Et voici ce que ca donne :

http://kalhfr.free.fr/Divers/man-utf8_2.png

Pareil si je tente avec -Tutf8  :Evil or Very Mad: 

Merci quand même  :Smile: 

----------

## guilc

Autre solution : ne pas utiliser les man-pages-fr  :Wink: 

Bon, je sais, c'est une solution a 2 balles, mais si tu regardes bien, les pages man fr sont pas du tout a jour pour certaines (regarde celle de find que tu as mis en screenshot par exemple, elle est pas du tout pareille en VO...)

----------

## _kal_

 *guilc wrote:*   

> Autre solution : ne pas utiliser les man-pages-fr 
> 
> Bon, je sais, c'est une solution a 2 balles, mais si tu regardes bien, les pages man fr sont pas du tout a jour pour certaines (regarde celle de find que tu as mis en screenshot par exemple, elle est pas du tout pareille en VO...)

 

C'est vrai, je plussoi   :Rolling Eyes: 

Cependant, il existe des man écrite dans un anglais assez complexe pour moi et ça peut être utile de les avoir en français.
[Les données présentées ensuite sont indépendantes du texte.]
(* Let $f,g\in C[0,1]$ satisfy $f(x)\neq0$ and $g(x)\neq0$ for all $x\in[0,1]$, and suppose $\overline{\dim}_B G(f)\neq\overline{\dim}_B G(g)$. Then $$\overline{\dim}_B G(f\cdot g)=\max\{\overline{\dim}_B G(f),\ \overline{\dim}_B G(g)\}.$$
   Context: $C[0,1]$ is the space of real-valued continuous functions on $[0,1]$; $G(f)=\{(x,f(x)):x\in[0,1]\}\subset\mathbb{R}^2$ is the graph of $f$; $f\cdot g$ is the pointwise product. For a nonempty bounded set $F$, $N_\delta(F)$ is the smallest number of sets of diameter at most $\delta$ covering $F$, and $\overline{\dim}_B F=\limsup_{\delta\to0}\frac{\log N_\delta(F)}{-\log\delta}$. *)

From HB Require Import structures.
From mathcomp Require Import all_boot all_order all_algebra.
From mathcomp Require Import all_classical all_reals all_analysis.
Set Implicit Arguments. Unset Strict Implicit. Unset Printing Implicit Defensive.
Import Order.TTheory GRing.Theory Num.Theory.
Import numFieldNormedType.Exports.
Local Open Scope classical_set_scope.
Local Open Scope ring_scope.

Section BoxDim.
Variable R : realType.

Definition edist (p q : R * R) : R :=
  Num.sqrt ((p.1 - q.1) ^+ 2 + (p.2 - q.2) ^+ 2).

(* diameter of a subset of R^2 (extended real; -oo for the empty set) *)
Definition ediam (A : set (R * R)) : \bar R :=
  ereal_sup [set (edist p.1 p.2)%:E | p in A `*` A].

Definition delta_cover (F : set (R * R)) (delta : R) (n : nat) : Prop :=
  exists C : 'I_n -> set (R * R),
    (forall i, (ediam (C i) <= delta%:E)%E) /\ F `<=` \bigcup_(i in setT) C i.

Definition covnum (F : set (R * R)) (delta : R) : \bar R :=
  ereal_inf [set (n%:R)%:E | n in delta_cover F delta].

Definition upper_box_dim (F : set (R * R)) : \bar R :=
  limf_esup (fun delta : R => (ln (fine (covnum F delta)) / - ln delta)%:E)
            (0%R)^'+.

Definition graph01 (f : R -> R) : set (R * R) :=
  [set (x, f x) | x in `[0%R, 1%R]].

End BoxDim.

From Pilot Require Import Defs.
From HB Require Import structures.
From mathcomp Require Import all_boot all_order all_algebra.
From mathcomp Require Import all_classical all_reals all_analysis.
From mathcomp Require Import ring lra zify.
Import Order.TTheory GRing.Theory Num.Theory.
Import numFieldNormedType.Exports.
Local Open Scope classical_set_scope.
Local Open Scope ring_scope.

(* Cut [0, 1] into columns of width d/2. For continuous h, the covering number
   N_d(G(h)) is comparable, up to the factor 21, with the column sum
   \sum_j (2 osc_j h / d + 1), where osc_j h is the oscillation of h on the
   j-th column: stacking boxes of side d/2 above each column gives the upper
   bound; conversely, a set of diameter at most d meets at most seven columns,
   and the sets meeting a column must cover the whole range of h on it.
   The column sum is monotone under pointwise domination of oscillations, so
   |h x - h y| <= A |u x - u y| + B |v x - v y| on [0, 1] gives
   dim G(h) <= max (dim G(u), dim G(v)).  Since f and g are bounded and bounded
   away from 0, f g is dominated by (f, g), f by (f g, g) and g by (f g, f); as
   dim G(f) <> dim G(g), these three inequalities force the equality. *)

Section GraphBoxDimension.
Set Implicit Arguments. Unset Strict Implicit.
Variable R : realType.
Implicit Types (A B : set (R * R)) (d : R) (f g h u v : R -> R).

Lemma ediam_le A d :
  (forall p q, A p -> A q -> Defs.edist p q <= d) -> (ediam A <= d%:E)%E.
Proof.
by move=> H; apply/ereal_supP => _ [[p q] [/= Ap Aq] <-]; rewrite lee_fin; exact: H.
Qed.

Lemma edist_le_ediam A d p q : (ediam A <= d%:E)%E -> A p -> A q -> Defs.edist p q <= d.
Proof.
move=> H Ap Aq; rewrite -lee_fin; apply: le_trans H.
by apply: ereal_sup_ubound; exists (p, q).
Qed.

Lemma normB1_le_edist (p q : R * R) : `|p.1 - q.1| <= Defs.edist p q.
Proof. by rewrite -sqrtr_sqr /Defs.edist ler_wsqrtr // lerDl sqr_ge0. Qed.

Lemma normB2_le_edist (p q : R * R) : `|p.2 - q.2| <= Defs.edist p q.
Proof. by rewrite -sqrtr_sqr /Defs.edist ler_wsqrtr // lerDr sqr_ge0. Qed.

Lemma edist_le_box (a b c e d : R) p q : 0 <= d -> b - a <= d / 2 -> e - c <= d / 2 ->
  a <= p.1 <= b -> c <= p.2 <= e -> a <= q.1 <= b -> c <= q.2 <= e ->
  Defs.edist p q <= d.
Proof.
move=> d0 ab ce /andP[? ?] /andP[? ?] /andP[? ?] /andP[? ?].
have h1 : `|p.1 - q.1| <= d / 2 by rewrite ler_norml; apply/andP; split; lra.
have h2 : `|p.2 - q.2| <= d / 2 by rewrite ler_norml; apply/andP; split; lra.
rewrite /Defs.edist -(ger0_norm d0) -sqrtr_sqr ler_wsqrtr //.
rewrite -(real_normK (num_real (p.1 - q.1))) -(real_normK (num_real (p.2 - q.2))).
have := normr_ge0 (p.1 - q.1); have := normr_ge0 (p.2 - q.2); nra.
Qed.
Enfin bon, j'vais degager les man-fr tant pis   :Wink: 

----------

## antoine

Enfin, si tu retire les man-pages-fr, tu n'auras plus le "man c"   :Very Happy: 

----------

## kopp

 *antoine wrote:*   

> Enfin, si tu retire les man-pages-fr, tu n'auras plus le "man c"  

 

Pinaise, c'est énorme ce truc, je ne connaissais pas! Bon le truc chiant, c'est que c'est pareil ici avec l'utf8 et que du coup, cest assezlourd à lire...

----------

## geekounet

Non, le man c existe aussi en anglais (enfin là j'ai essayé sur une debian, mais ça doit être pareil sous gentoo, je vérifirai chez moi).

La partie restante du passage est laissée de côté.